When hockey players start quoting statesmen, there are higher forces at work, and that is just the way the Canadiens played in their 3-0 win on Tuesday. Employing a 1-2-2 forechecking system, the Habs repeatedly forced the Islanders to dump the puck into the offensive zone, then broke out with relative ease against New York's listless fore-checkers. The Canadiens got a first-period goal from Carbonneau, and third-period scores by Mats Naslund and Steve Shutt. It was Penney's third shutout of the playoffs, one shy of the NHL record (held by six goalies)—not bad for a guy with only four NHL games to his credit before the playoffs. The next day, cabbies all over Montreal were cracking that it was the first time they had seen a Penney worth a million.

For his part, Islander coach Al Arbour thought his team wasn't worth a plugged nickel. He publicly criticized Trottier—who has been playing miserably in the playoffs—for the first time in memory, saying Carbonneau "ate him up alive on the face-offs" ( Carbonneau 15, Trottier 7) and that their five-day layoff after ousting Washington in five games had made the champs "soft and fat."

The Islanders got the message and came out storming in Game 2, testing Penney with three tough shots in the opening 36 seconds and then getting in one more blast before the game was a minute old. But Penney turned them away, and Montreal quickly regained its composure, allowing only 12 additional shots—one every five minutes—the rest of the way. When Pierre Mondou scored on a three-on-one at 7:46 of the first period, it was the 10th time in 11 playoff games that the Canadiens had made the first goal. "We have a good habit there," said Naslund, the Habs' leading scorer in the playoffs (6-7-13), who made the score 4-2 early in the third period on a power-play goal after Islander defenseman Denis Potvin had been called for unsportsmanlike conduct. Potvin, confused by linesman Swede Knox's hand signals during an icing call, threw up his arms in disgust. In so doing he inadvertently let go of his stick and it grazed Knox on the chest.

The game ended with the unseemly spectacle of Canadien reserve goalie Richard Sevigny having his face clawed and hair pulled by New York goalie Billy Smith, who, seconds earlier had made a kamikaze charge from 60 feet toward Green. "It looked like anyone in his way was going to get a chop," Green said later. "He had his stick held out like a spear." The brawl was set off when New York's John Tonelli pitchforked Gainey in the belly in the final three seconds of play as they skated down the ice. "I was just taking the guy out," Tonelli explained. "No message intended."

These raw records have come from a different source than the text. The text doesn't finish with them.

Lemma nreach_arc F i j : acyclic F -> F i = Some j -> (nreach F j < nreach F i)%N.
Proof.
move=> /forallP acF Fij; apply: proper_card; apply/properP; split.
  apply/subsetP => y; rewrite !inE; apply: connect_trans.
  by apply: connect1; rewrite /arcrel Fij.
exists i; rewrite !inE ?connect0 //.
by have /forallP/(_ j) := acF i; rewrite /arcrel Fij eqxx.
Qed.

Lemma nreach_le F x : (nreach F x <= #|T|)%N.
Proof. exact: max_card. Qed.

Lemma acyclic_height F (h : T -> nat) :
  (forall i j, F i = Some j -> (h j < h i)%N) -> acyclic F.
Proof.
move=> hdec; apply/forallP => i; apply/forallP => j; apply/implyP => /eqP Fij.
apply/negP => /connectP [p pth Hl].
have : (h (last j p) <= h j)%N.
  elim: p j pth {Hl Fij} => //= c p IH j /andP [/eqP Fjc pth].
  exact: leq_trans (IH _ pth) (ltnW (hdec _ _ Fjc)).
by rewrite -Hl; have := hdec _ _ Fij; lia.
Qed.

(* Every arc strictly decreases [nreach], which is at most #|T|. *)
Lemma tree_root_root F i : acyclic F -> F (tree_root F i) = None.
Proof.
move=> acF.
have descent m : F (iter m (succ F) i) != None ->
    (nreach F (iter m (succ F) i) + m <= nreach F i)%N.
  elim: m => [|m IH]; first by rewrite addn0.
  rewrite iterS; set a := iter m (succ F) i; rewrite /succ.
  case Fa: (F a) => [j|] /=; last by rewrite Fa.
  move=> _; have := nreach_arc acF Fa; rewrite Fa in IH; have := IH isT.
  by rewrite /a; lia.
case: (F (tree_root F i) =P None) => // /eqP nonroot; exfalso.
have := descent #|T| nonroot.
have : (0 < nreach F (iter #|T| (succ F) i))%N.
  by apply/card_gt0P; exists (iter #|T| (succ F) i); rewrite inE connect0.
by have := nreach_le F i; lia.
Qed.

Lemma tree_root_id F r : F r = None -> tree_root F r = r.
Proof. by move=> Fr; apply: iter_fix; rewrite /succ Fr. Qed.

Lemma tree_root_arc F i j : acyclic F -> F i = Some j -> tree_root F j = tree_root F i.
Proof.
move=> acF Fij; have -> : j = succ F i by rewrite /succ Fij.
by rewrite /tree_root -iterSr iterS {1}/succ tree_root_root.
Qed.

Lemma weakrel_sym F : symmetric (weakrel F).
Proof. by move=> x y; rewrite /weakrel orbC. Qed.
Lemma RInt_C_convolution_components (a b : R -> C) (T : R) :
  (forall x, continuous a x) -> (forall x, continuous b x) ->
  RInt_C (fun u => a u * b (T - u)%R)%C 0 T =
  (RInt (fun u => fst (a u) * fst (b (T - u))) 0 T
     - RInt (fun u => snd (a u) * snd (b (T - u))) 0 T,
   RInt (fun u => fst (a u) * snd (b (T - u))) 0 T
     + RInt (fun u => snd (a u) * fst (b (T - u))) 0 T).
Proof.
  intros Ha Hb.
  assert (Hcomp : forall (p q : R -> R), (forall x, continuous p x) -> (forall x, continuous q x) ->
            is_RInt (fun u => p u * q (T - u)) 0 T (RInt (fun u => p u * q (T - u)) 0 T)).
  { intros p q Hp Hq; apply is_RInt_of_continuous; intros x.
    apply (continuous_mult (K := R_AbsRing)); [apply Hp | apply continuous_comp_reflect, Hq]. }
  assert (Ha1 := fun x => continuous_Cfst a x (Ha x)).
  assert (Ha2 := fun x => continuous_Csnd a x (Ha x)).
  assert (Hb1 := fun x => continuous_Cfst b x (Hb x)).
  assert (Hb2 := fun x => continuous_Csnd b x (Hb x)).
  apply is_RInt_unique, is_RInt_C_pair; simpl.
  - eapply is_RInt_ext;
      [| exact (is_RInt_minus _ _ _ _ _ _ (Hcomp _ _ Ha1 Hb1) (Hcomp _ _ Ha2 Hb2))].
    reflexivity.
  - eapply is_RInt_ext;
      [| exact (is_RInt_plus _ _ _ _ _ _ (Hcomp _ _ Ha1 Hb2) (Hcomp _ _ Ha2 Hb1))].
    reflexivity.
Qed.

Lemma is_derive_RInt_convolution (a b : R -> C) x :
  (forall x, continuous a x) -> (forall x, continuous b x) ->
  is_derive_C (fun T => RInt_C (fun u => a u * RInt_C b 0 (T - u)%R)%C 0 T) x
              (RInt_C (fun u => a u * b (x - u)%R)%C 0 x).
Proof.
  intros Ha Hb.
  assert (Ha1 := fun x => continuous_Cfst a x (Ha x)).
  assert (Ha2 := fun x => continuous_Csnd a x (Ha x)).
  assert (Hb1 := fun x => continuous_Cfst b x (Hb x)).
  assert (Hb2 := fun x => continuous_Csnd b x (Hb x)).
  assert (HB : forall r,
            RInt_C b 0 r = (RInt (fun t => fst (b t)) 0 r, RInt (fun t => snd (b t)) 0 r))
    by (intros; apply RInt_C_components, Hb).
  set (a1 := fun t => fst (a t)); set (a2 := fun t => snd (a t)).
  set (B1 := fun r => RInt (fun t => fst (b t)) 0 r).
  set (B2 := fun r => RInt (fun t => snd (b t)) 0 r).
  eapply (is_derive_ext_eq (K := R_AbsRing) (V := C_R_NormedModule)
           (fun T => (RInt (fun u => a1 u * B1 (T - u)) 0 T
                        - RInt (fun u => a2 u * B2 (T - u)) 0 T,
                      RInt (fun u => a1 u * B2 (T - u)) 0 T
                        + RInt (fun u => a2 u * B1 (T - u)) 0 T))
           _ x _ (RInt_C (fun u => a u * b (x - u)%R)%C 0 x)).
  - intros T.
    rewrite (RInt_C_convolution_components a (fun r => RInt_C b 0 r) T Ha
               (fun r => continuous_RInt_C_of_continuous b 0 r Hb)).
    f_equal; f_equal; apply RInt_ext; intros; rewrite HB; reflexivity.
  - symmetry; apply RInt_C_convolution_components; assumption.
  - apply is_derive_C_pair; simpl.
    + exact (is_derive_minus _ _ _ _ _ (is_derive_RInt_convolution_R _ _ x Ha1 Hb1)
                                         (is_derive_RInt_convolution_R _ _ x Ha2 Hb2)).
    + exact (is_derive_plus _ _ _ _ _ (is_derive_RInt_convolution_R _ _ x Ha1 Hb2)
                                        (is_derive_RInt_convolution_R _ _ x Ha2 Hb1)).
Qed.

Lemma filterlim_tail_half (N : R -> R) M c :
  filterlim N (Rbar_locally p_infty) (locally M) ->
  filterlim (fun T => c * (M - N (T / 2))) (Rbar_locally p_infty) (locally 0).
Proof.
  intros HN; replace 0 with (c * (M - M)) by ring.
  apply (filterlim_comp _ _ _ (fun T => N (T / 2)) (fun x => c * (M - x)) _ (locally M)).
  - exact (filterlim_comp _ _ _ (fun T => T / 2) N _ _ _
             (filterlim_Rmult_p_infty (/ 2) ltac:(lra)) HN).
  - apply (continuous_mult (K := R_AbsRing) (fun _ => c) (fun x => M - x));
      [apply continuous_const |].
    apply (continuous_minus (V := R_NormedModule) (fun _ => M) (fun x => x));
      [apply continuous_const | apply continuous_id].
Qed.

Section ConvolutionLimit.
Variables (a b : R -> C) (lb : C) (Ma Mb : R).
Hypothesis (Ha : forall x, continuous a x) (Hb : forall x, continuous b x).
Hypothesis Hlb : filterlim (fun T => RInt_C b 0 T) (Rbar_locally p_infty) (locally lb).
Hypothesis HMa :
  filterlim (fun T => RInt (fun t => Cmod (a t)) 0 T) (Rbar_locally p_infty) (locally Ma).
Hypothesis HMb :
  filterlim (fun T => RInt (fun t => Cmod (b t)) 0 T) (Rbar_locally p_infty) (locally Mb).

Arbour, seething, came into the press conference threatening to "turn his guys loose" and claiming that "even the league is pulling for Montreal." It's standard procedure for Arbour to excoriate the officiating at least once in a series, although he usually has the good taste to wait until after an Islander win. In the New York dressing room Bob Nystrom suggested that the refs should be "tested for drugs," and Trottier sympathetically explained that he wouldn't want to be a ref in the Forum because "when French people get mad, they go crazy." (For the record, Smith isn't French.)